• [Prompt]:
Could you please return each line of the data that has the word "msupp"?

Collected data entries
####
Definition sv_brb (a b : sv_idx) : SV :=
  match a, b with
  | inl m, inl n => (m - n)%:~R *: Lb (m + n)
  | inl m, inr r => (m%:~R / 2 - r%:~R) *: Gb (m + r)
  | inr r, inl m => - (m%:~R / 2 - r%:~R) *: Gb (m + r)
  | inr r, inr s => 2 *: Lb (r + s)
  end.

Definition sv_br (x y : SV) : SV :=
  \sum_(a <- msupp x) \sum_(b <- msupp y) (x@_a * y@_b) *: sv_brb a b.

Definition homog (p : bool) (x : SV) : Prop :=
  forall a, a \in msupp x -> idx_parity a = p.

Definition derivation_of_parity (p : bool) (D : SV -> SV) : Prop :=
  [/\ linear D,
      (forall q x, homog q x -> homog (addb q p) (D x)) &
      (forall q r x y, homog q x -> homog r y ->
         D (sv_br x y) = sv_br (D x) y + (-1) ^+ (p && q) *: sv_br x (D y))].

Definition derivation (D : SV -> SV) : Prop :=
  exists D0 D1, [/\ derivation_of_parity false D0,
                    derivation_of_parity true D1 &
                    forall x, D x = D0 x + D1 x].

Definition local_derivation (Delta : SV -> SV) : Prop :=
  linear Delta /\ forall x, exists D, derivation D /\ Delta x = D x.

End SuperVirasoro.

From HB Require Import structures.
From mathcomp Require Import all_boot all_order all_algebra.
From mathcomp Require Import finmap.
From mathcomp.multinomials Require Import monalg.
From mathcomp.algebra_tactics Require Import ring.
From mathcomp Require Import zify.
Set Implicit Arguments. Unset Strict Implicit. Unset Printing Implicit Defensive.
Import GRing.Theory Num.Theory.
Local Open Scope ring_scope.

(* For a parity p, let w(v)(z) be the sum of the coefficients of v at the basis
   elements of parity p, each weighted by z^deg.  For a derivation D, the Leibniz rule for [L_0, G_k] determines every
   coefficient of D(G_k) from D(L_0), except the "diagonal" one sitting at
   degree k; summing up gives w(D(G_k))(z) = z^k (alpha + k beta), because the
   diagonal coefficients are affine in k by the Leibniz rule for [L_{+-1}, G_k].
   Given m and z <> 0, locality yields a derivation D with
   Delta(G_m) = Delta(G_m + s G_0 + r G_1) = D(G_m + s G_0 + r G_1), where
   s = (m - 1) z^m and r = - m z^(m-1) make the combination
   z^m (alpha + m beta) + s alpha + r z (alpha + beta) vanish whatever alpha and
   beta are.  So w(Delta(G_m)) vanishes at every z <> 0, hence Delta(G_m) = 0. *)

Definition idx_deg (a : sv_idx) : int := match a with inl k | inr k => k end.
Definition is_k2partition k (P : 'I_k -> 'I_k -> {set T}) : Prop :=
  (forall i j i' j', (i, j) != (i', j') -> [disjoint P i j & P i' j']) /\
  (forall x : T, exists i j, x \in P i j).

Definition rowset k (P : 'I_k -> 'I_k -> {set T}) (i : 'I_k) : {set T} :=
  \bigcup_(j < k) P i j.
Definition colset k (P : 'I_k -> 'I_k -> {set T}) (j : 'I_k) : {set T} :=
  \bigcup_(i < k) P i j.

Definition bad_edges (G : rel T) k (P : 'I_k -> 'I_k -> {set T}) : {set T * T} :=
  [set e : T * T | G e.1 e.2 &&
     [exists i : 'I_k, exists j : 'I_k,
        [&& i != j, e.1 \in rowset P i & e.2 \in colset P j]]].

Definition tg_partition (R : realFieldType) (G : rel T) k
    (P : 'I_k -> 'I_k -> {set T}) (tau gamma : R) : Prop :=
  is_k2partition P /\
  (#|bad_edges G P|%:R <= gamma * (#|T|%:R) ^+ 2) /\
  (forall i, tau * #|T|%:R <= #|rowset P i|%:R) /\
  (forall j, tau * #|T|%:R <= #|colset P j|%:R).

(* Path systems: a path is a pair (x, p) standing for the vertex
   sequence x :: p; Q is a finite list of such paths. *)
Definition pverts (Q : seq (T * seq T)) : seq T :=
  flatten [seq q.1 :: q.2 | q <- Q].

Definition path_system (G : rel T) (Q : seq (T * seq T)) : Prop :=
  uniq (pverts Q) /\ all (fun q => path G q.1 q.2) Q.

Definition VQ (Q : seq (T * seq T)) : {set T} := [set x | x \in pverts Q].

Definition eQ (Q : seq (T * seq T)) : nat := sumn [seq size q.2 | q <- Q].

Definition pstart (q : T * seq T) : T := q.1.
Definition pend (q : T * seq T) : T := last q.1 q.2.

(* Vertex type of the contracted digraph: vertices of G outside V(Q)
   (inl) together with one new vertex x_Q per path (inr). *)
Definition cvalid (Q : seq (T * seq T)) (y : T + 'I_(size Q)) : bool :=
  match y with inl t => t \notin VQ Q | inr _ => true end.

Definition CV (Q : seq (T * seq T)) := {y : T + 'I_(size Q) | @cvalid Q y}.
(* Everything in the statement only sees the eight neighbours x_1, ..., x_8 of
   x, through translation-invariant distances.  Indexing x_(i+1) by i : 'I_8,
   the 4-neighbours of x are the odd indices, 4-adjacency between neighbours is
   adjacency on the 8-cycle, N^1_8(x, X) is the set of foreground indices and
   N^2_4(x, X^c) the set of background indices that are odd or next to a
   background odd index.  T4, T8 and the crossing number of u_m thus become
   functions of a colouring of the 8-cycle, and the equivalence is checked on
   all 2^8 colourings. *)

Lemma ncomp_inj_image (I : finType) (e : rel pt) (S : {fset pt}) (f : I -> pt)
    (Q : pred I) (e' : rel I) :
  injective f -> symmetric e ->
  (forall z, (z \in S) = [exists i, (z == f i) && Q i]) ->
  e' =2 (fun i j => [&& Q i, Q j & e (f i) (f j)]) ->
  ncomp e S = n_comp e' Q.
Proof.
move=> f_inj e_sym S_img e'E.
pose eS (a b : S) := e (val a) (val b).
have S_ex (z : S) : exists i, (val z == f i) && Q i by apply/existsP; rewrite -S_img (valP z).
pose h (z : S) : I := xchoose (S_ex z).
have /all_and2 [hE hQ] (z : S) : f (h z) = val z /\ Q (h z).
  by case/andP: (xchooseP (S_ex z)) => /eqP <-.
have eS_sym : connect_sym eS by apply: sym_connect_sym => a b; rewrite /eS e_sym.
have e'_sym : connect_sym e'.
  by apply: sym_connect_sym => i j; rewrite !e'E /= e_sym andbCA.
have Q_closed : closed e' Q by move=> i j; rewrite e'E !unfold_in => /and3P[-> ->].
have h_inj : injective h by move=> a b hab; apply: val_inj; rewrite -!hE hab.
have Q_sub : Q \subset codom h.
  apply/subsetP => i Qi.
  have fiS : f i \in S by rewrite S_img; apply/existsP; exists i; rewrite eqxx.
  by apply/codomP; exists [` fiS]; apply: f_inj; rewrite hE.
have h_base : rel_base h e' eS [predC Q].
  by move=> a b _; rewrite e'E /eS -!hE (hQ a) (hQ b).
rewrite (adjunction_n_comp h e'_sym eS_sym Q_closed).
  by apply: eq_n_comp_r => z; rewrite !inE [_ \in Q]hQ.
exact: strict_adjunction.
Qed.

(* Unlike [roots], this form runs the depth-first search once per vertex. *)
Lemma n_comp_dfs (T : finType) (e : rel T) (a : {pred T}) :
  n_comp e a = count (fun x => (x \in a) &&
    (let reach := dfs (rgraph e) #|T| [::] x in odflt x [pick y in reach] == x)) (enum T).
Proof.
rewrite enumT /n_comp_mem cardE /enum_mem size_filter.
by apply: eq_count => y; rewrite !inE andbC.
Qed.

(* [enum 'I_8] goes through [insub], hence through the opaque [idP], and does
   not evaluate; [ord8] is the same enumeration written out. *)
Definition ord8 : seq 'I_8 :=
  [:: @Ordinal 8 0 isT; @Ordinal 8 1 isT; @Ordinal 8 2 isT; @Ordinal 8 3 isT;
      @Ordinal 8 4 isT; @Ordinal 8 5 isT; @Ordinal 8 6 isT; @Ordinal 8 7 isT].

Lemma enum_ord8 : Finite.enum 'I_8 = ord8.
Proof. by apply: (inj_map val_inj); rewrite -enumT val_enum_ord. Qed.

Lemma index_enum_ord8 : index_enum 'I_8 = ord8.
Proof. by rewrite /index_enum unlock enum_ord8. Qed.

Definition origin : pt := (0, 0)%R.
Definition shift (x a : pt) : pt := ((x.1 + a.1)%R, (x.2 + a.2)%R).

Lemma shift_origin x : shift x origin = x.
Proof. by rewrite /shift !addr0 -surjective_pairing. Qed.

Lemma shift_inj x : injective (shift x).
Proof. by move=> [a1 a2] [b1 b2] [/addrI -> /addrI ->]. Qed.

Lemma shift_eq x a : (shift x a == x) = (a == origin).
Proof. by rewrite -[X in _ == X](shift_origin x) (inj_eq (@shift_inj x)). Qed.

Lemma d4_shift x a b : d4 (shift x a) (shift x b) = d4 a b.
Proof. by rewrite /d4 /= [(x.1 + a.1)%R]addrC [(x.2 + a.2)%R]addrC !addrKA. Qed.

Lemma d8_shift x a b : d8 (shift x a) (shift x b) = d8 a b.
Proof. by rewrite /d8 /= [(x.1 + a.1)%R]addrC [(x.2 + a.2)%R]addrC !addrKA. Qed.

Lemma d4_shiftr x b : d4 x (shift x b) = d4 origin b.
Proof. by rewrite -{1}(shift_origin x) d4_shift. Qed.

Lemma d8_shiftr x b : d8 x (shift x b) = d8 origin b.
Proof. by rewrite -{1}(shift_origin x) d8_shift. Qed.

Lemma adj4_shift x a b : adj4 (shift x a) (shift x b) = adj4 a b.
Proof. by rewrite /adj4 d4_shift. Qed.

Lemma adj8_shift x a b : adj8 (shift x a) (shift x b) = adj8 a b.
Proof. by rewrite /adj8 d8_shift (inj_eq (@shift_inj x)). Qed.

Lemma d8_le_d4 y z : (d8 y z <= d4 y z)%N.
Proof. by rewrite geq_max leq_addr leq_addl. Qed.

Lemma adj4_sym : symmetric adj4.
Proof. by move=> y z; rewrite /adj4 /d4 distnC [in X in (_ + X)%N]distnC. Qed.

Lemma adj8_sym : symmetric adj8.
Proof. by move=> y z; rewrite /adj8 /d8 eq_sym distnC [in X in maxn _ X]distnC. Qed.

Definition cyc_adj4 (i j : 'I_8) : bool := (ordS i == j) || (ordS j == i).
Definition cyc_adj8 (i j : 'I_8) : bool :=
  cyc_adj4 i j || [&& odd i, odd j & (ordS (ordS i) == j) || (ordS (ordS j) == i)].

Lemma odd_ordS (i : 'I_8) : odd (ordS i) = ~~ odd i.
Proof. by case: i => [[|[|[|[|[|[|[|[|//]]]]]]]] ?]. Qed.

Lemma odd_ord_pred (i : 'I_8) : odd (ord_pred i) = ~~ odd i.
Proof. by case: i => [[|[|[|[|[|[|[|[|//]]]]]]]] ?]. Qed.

Lemma cyc_off_neq0 (i : 'I_8) : (cyc_off i == origin) = false.
Proof. by case: i => [[|[|[|[|[|[|[|[|//]]]]]]]] ?]. Qed.

Lemma d8_origin_cyc_off (i : 'I_8) : (d8 origin (cyc_off i) <= 1)%N.
Proof. by case: i => [[|[|[|[|[|[|[|[|//]]]]]]]] ?]. Qed.

Lemma d4_origin_cyc_off (i : 'I_8) : (d4 origin (cyc_off i) <= 1)%N = odd i.
Proof. by case: i => [[|[|[|[|[|[|[|[|//]]]]]]]] ?]. Qed.

Lemma d4_cyc_off (i j : 'I_8) :
  (d4 (cyc_off i) (cyc_off j) <= 1)%N = (i == j) || cyc_adj4 i j.
Proof. by case: i j => [[|[|[|[|[|[|[|[|//]]]]]]]] ?] [[|[|[|[|[|[|[|[|//]]]]]]]] ?]. Qed.

Lemma adj4_cyc_off (i j : 'I_8) : adj4 (cyc_off i) (cyc_off j) = cyc_adj4 i j.
Proof. by case: i j => [[|[|[|[|[|[|[|[|//]]]]]]]] ?] [[|[|[|[|[|[|[|[|//]]]]]]]] ?]. Qed.

Lemma adj8_cyc_off (i j : 'I_8) : adj8 (cyc_off i) (cyc_off j) = cyc_adj8 i j.
Proof. by case: i j => [[|[|[|[|[|[|[|[|//]]]]]]]] ?] [[|[|[|[|[|[|[|[|//]]]]]]]] ?]. Qed.

Lemma cyc_off_inj : injective (fun i : 'I_8 => cyc_off i).
Proof.
move=> i j eq_ij; apply: val_inj; move: i j eq_ij.
by case=> [[|[|[|[|[|[|[|[|//]]]]]]]] ?] [[|[|[|[|[|[|[|[|//]]]]]]]] ?] /eqP.
Qed.

Lemma cyc_off_surj a :
  (d8 origin a <= 1)%N -> a != origin -> exists i : 'I_8, a = cyc_off i.
Proof.
move=> a_near a_neq0.
suff /hasP[i _ /eqP ->] : has (fun i : 'I_8 => a == cyc_off i) ord8 by exists i.
case: a a_near a_neq0 => a1 a2; rewrite /d8 /= !sub0r !abszN geq_max => /andP[].
by case: a1 => [[|[|?]]|[|?]] // _; case: a2 => [[|[|?]]|[|?]].
Qed.

Lemma cycE x (i : 'I_8) : cyc x i = shift x (cyc_off i).
Proof. by []. Qed.

Lemma cyc_inj x : injective (fun i : 'I_8 => cyc x i).
Proof. by move=> i j; rewrite !cycE => /shift_inj /cyc_off_inj. Qed.

Lemma cyc_ordS x (i : 'I_8) : cyc x (ordS i) = cyc x i.+1.
Proof. by rewrite /cyc /cyc_off /= modn_mod. Qed.

Definition N2bg_loc (c : 'I_8 -> bool) (i : 'I_8) : bool :=
  ~~ c i && [|| odd i, ~~ c (ordS i) | ~~ c (ord_pred i)].

Lemma N2bg_locE c i :
  N2bg_loc c i = ~~ c i && [exists j : 'I_8, [&& odd j, ~~ c j & (j == i) || cyc_adj4 j i]].
Proof.
rewrite /N2bg_loc; case: (boolP (c i)) => //= bg_i; apply/idP/existsP.
  case: (boolP (odd i)) => [odd_i _ | even_i /= /orP[bg_S | bg_P]].
  - by exists i; rewrite odd_i bg_i eqxx.
  - by exists (ordS i); rewrite odd_ordS even_i bg_S /cyc_adj4 eqxx !orbT.
  - by exists (ord_pred i); rewrite odd_ord_pred even_i bg_P /cyc_adj4 ord_predK eqxx /= orbT.
case=> j /and3P[odd_j bg_j /orP[/eqP ji | /orP[/eqP Sji | /eqP Sij]]].
- by rewrite -ji odd_j.
- by rewrite -Sji ordSK bg_j !orbT.
- by rewrite Sij bg_j /= orbT.
Qed.

Definition T4_loc (c : 'I_8 -> bool) : nat :=
  n_comp [rel i j | [&& N2bg_loc c i, N2bg_loc c j & cyc_adj4 i j]] (N2bg_loc c).

Definition T8_loc (c : 'I_8 -> bool) : nat :=
  n_comp [rel i j | [&& c i, c j & cyc_adj8 i j]] c.

Definition um_loc (c : 'I_8 -> bool) (i : 'I_8) : nat := (1 - N2bg_loc c i * (1 - c i))%N.

Definition crossing_loc (c : 'I_8 -> bool) : nat :=
  \sum_(i < 8) delta `|(Posz (um_loc c (ordS i)) - Posz (um_loc c i))%R|%N.

Section Transport.

Variables (Omega : {fset pt}) (u : pt -> bool) (x : pt) (c : 'I_8 -> bool).
Hypothesis cyc_in_Omega : forall i : 'I_8, cyc x i \in Omega.
Hypothesis cE : forall i : 'I_8, c i = u (cyc x i).

Lemma mem_N8o z : (z \in N8o Omega x) = [exists i : 'I_8, z == cyc x i].
Proof.
rewrite !inE; apply/and3P/existsP => [[z_neq_x _ z_near] | [i /eqP ->]].
  pose a : pt := ((z.1 - x.1)%R, (z.2 - x.2)%R).
  have za : z = shift x a by rewrite /shift /= !subrKC -surjective_pairing.
  rewrite za shift_eq in z_neq_x; rewrite za d8_shiftr in z_near.
  by have [i ai] := cyc_off_surj z_near z_neq_x; exists i; rewrite za ai.
by rewrite cycE shift_eq cyc_off_neq0 cyc_in_Omega d8_shiftr d8_origin_cyc_off.
Qed.

Lemma mem_N4o_N8o z : z \in N4o Omega x -> z \in N8o Omega x.
Proof. by rewrite !inE => /and3P[-> -> /(leq_trans (d8_le_d4 _ _))]. Qed.

Lemma cyc_in_bg (i : 'I_8) : (cyc x i \in bg Omega u) = ~~ c i.
Proof. by rewrite !inE cyc_in_Omega cE andbT. Qed.

Lemma cyc_in_fg (i : 'I_8) : (cyc x i \in fg Omega u) = c i.
Proof. by rewrite !inE cyc_in_Omega cE. Qed.

Lemma cyc_in_N4o (i : 'I_8) : (cyc x i \in N4o Omega x) = odd i.
Proof. by rewrite !inE cyc_in_Omega cycE shift_eq cyc_off_neq0 d4_shiftr d4_origin_cyc_off. Qed.

Lemma cyc_in_N4 (i j : 'I_8) : (cyc x i \in N4 Omega (cyc x j)) = (j == i) || cyc_adj4 j i.
Proof. by rewrite !inE cyc_in_Omega !cycE d4_shift d4_cyc_off. Qed.

Lemma mem_N2bg z :
  (z \in Ngeo true Omega x (bg Omega u) 2) = [exists i : 'I_8, (z == cyc x i) && N2bg_loc c i].
Proof.
apply/bigfcupP/existsP => [[y] | [i /andP[/eqP ->]]].
  rewrite andbT /= !in_fsetI mem_N8o.
  move=> /andP[y4 y_bg] /andP[/andP[z_near /existsP[i /eqP zE]] z_bg].
  have /existsP[j /eqP yE] : [exists j : 'I_8, y == cyc x j] by rewrite -mem_N8o mem_N4o_N8o.
  exists i; rewrite zE eqxx N2bg_locE -cyc_in_bg -zE z_bg; apply/existsP; exists j.
  by rewrite -cyc_in_N4o -cyc_in_bg -cyc_in_N4 -yE -zE y4 y_bg.
rewrite N2bg_locE => /andP[bg_i /existsP[j /and3P[odd_j bg_j near_ji]]].
exists (cyc x j).
  by rewrite /Nno andbT in_fsetI cyc_in_N4o cyc_in_bg odd_j bg_j.
by rewrite /Nn !in_fsetI cyc_in_N4 near_ji mem_N8o cyc_in_bg bg_i andbT; apply/existsP; exists i.
Qed.

Lemma mem_N1fg z :
  (z \in Ngeo false Omega x (fg Omega u) 1) = [exists i : 'I_8, (z == cyc x i) && c i].
Proof.
rewrite /Ngeo /= in_fsetI mem_N8o.
apply/andP/existsP => [[/existsP[i /eqP ->]] | [i /andP[/eqP -> ci]]].
  by rewrite cyc_in_fg => ci; exists i; rewrite eqxx.
by rewrite cyc_in_fg ci; split=> //; apply/existsP; exists i.
Qed.

Lemma T4_bgE : T4 Omega x (bg Omega u) = T4_loc c.
Proof.
apply: ncomp_inj_image (@cyc_inj x) adj4_sym mem_N2bg _ => i j.
by rewrite /= !cycE adj4_shift adj4_cyc_off.
Qed.

Lemma T8_fgE : T8 Omega x (fg Omega u) = T8_loc c.
Proof.
apply: ncomp_inj_image (@cyc_inj x) adj8_sym mem_N1fg _ => i j.
by rewrite /= !cycE adj8_shift adj8_cyc_off.
Qed.

Lemma um_cyc (i : 'I_8) : um Omega u x (cyc x i) = um_loc c i.
Proof.
rewrite /um /mfun /um_loc mem_N2bg -cE; congr (1 - nat_of_bool _ * _)%N.
apply/existsP/idP => [[j /andP[/eqP/cyc_inj -> //]] | N2_i].
by exists i; rewrite eqxx.
Qed.

Lemma crossing_umE : crossing (um Omega u x) x = crossing_loc c.
Proof. by apply: eq_bigr => i _; rewrite -cyc_ordS !um_cyc. Qed.

End Transport.

Definition bit_colouring (v : seq bool) (i : 'I_8) : bool := nth false v i.

Fixpoint bitseqs (n : nat) : seq (seq bool) :=
  if n is n'.+1 then [seq true :: v | v <- bitseqs n'] ++ [seq false :: v | v <- bitseqs n']
  else [:: [::]].

Lemma mem_bitseqs v : v \in bitseqs (size v).
Proof. by elim: v => [|[] v IHv] //=; rewrite mem_cat (map_f _ IHv) ?orbT. Qed.

Lemma T4_T8_crossing_loc v : size v = 8 ->
  ((T4_loc (bit_colouring v) == 1) && (T8_loc (bit_colouring v) == 1))
  = (crossing_loc (bit_colouring v) == 2).
Proof.
move=> size_v; apply/eqP.
rewrite /T4_loc /T8_loc !n_comp_dfs /crossing_loc index_enum_ord8.
have := mem_bitseqs v; rewrite size_v {size_v}; move: v; apply/allP.
(* With [card] and [bigop] unlocked and ['I_8] enumerated by [ord8], the 256
   colourings are decided by evaluation. *)
rewrite /um_loc /N2bg_loc /bit_colouring /pick /rgraph.
by rewrite !unlock /enum_mem enum_ord8; vm_compute.
Qed.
####
• [Response for this exercise]:
  \sum_(a <- msupp x) \sum_(b <- msupp y) (x@_a * y@_b) *: sv_brb a b.
  forall a, a \in msupp x -> idx_parity a = p.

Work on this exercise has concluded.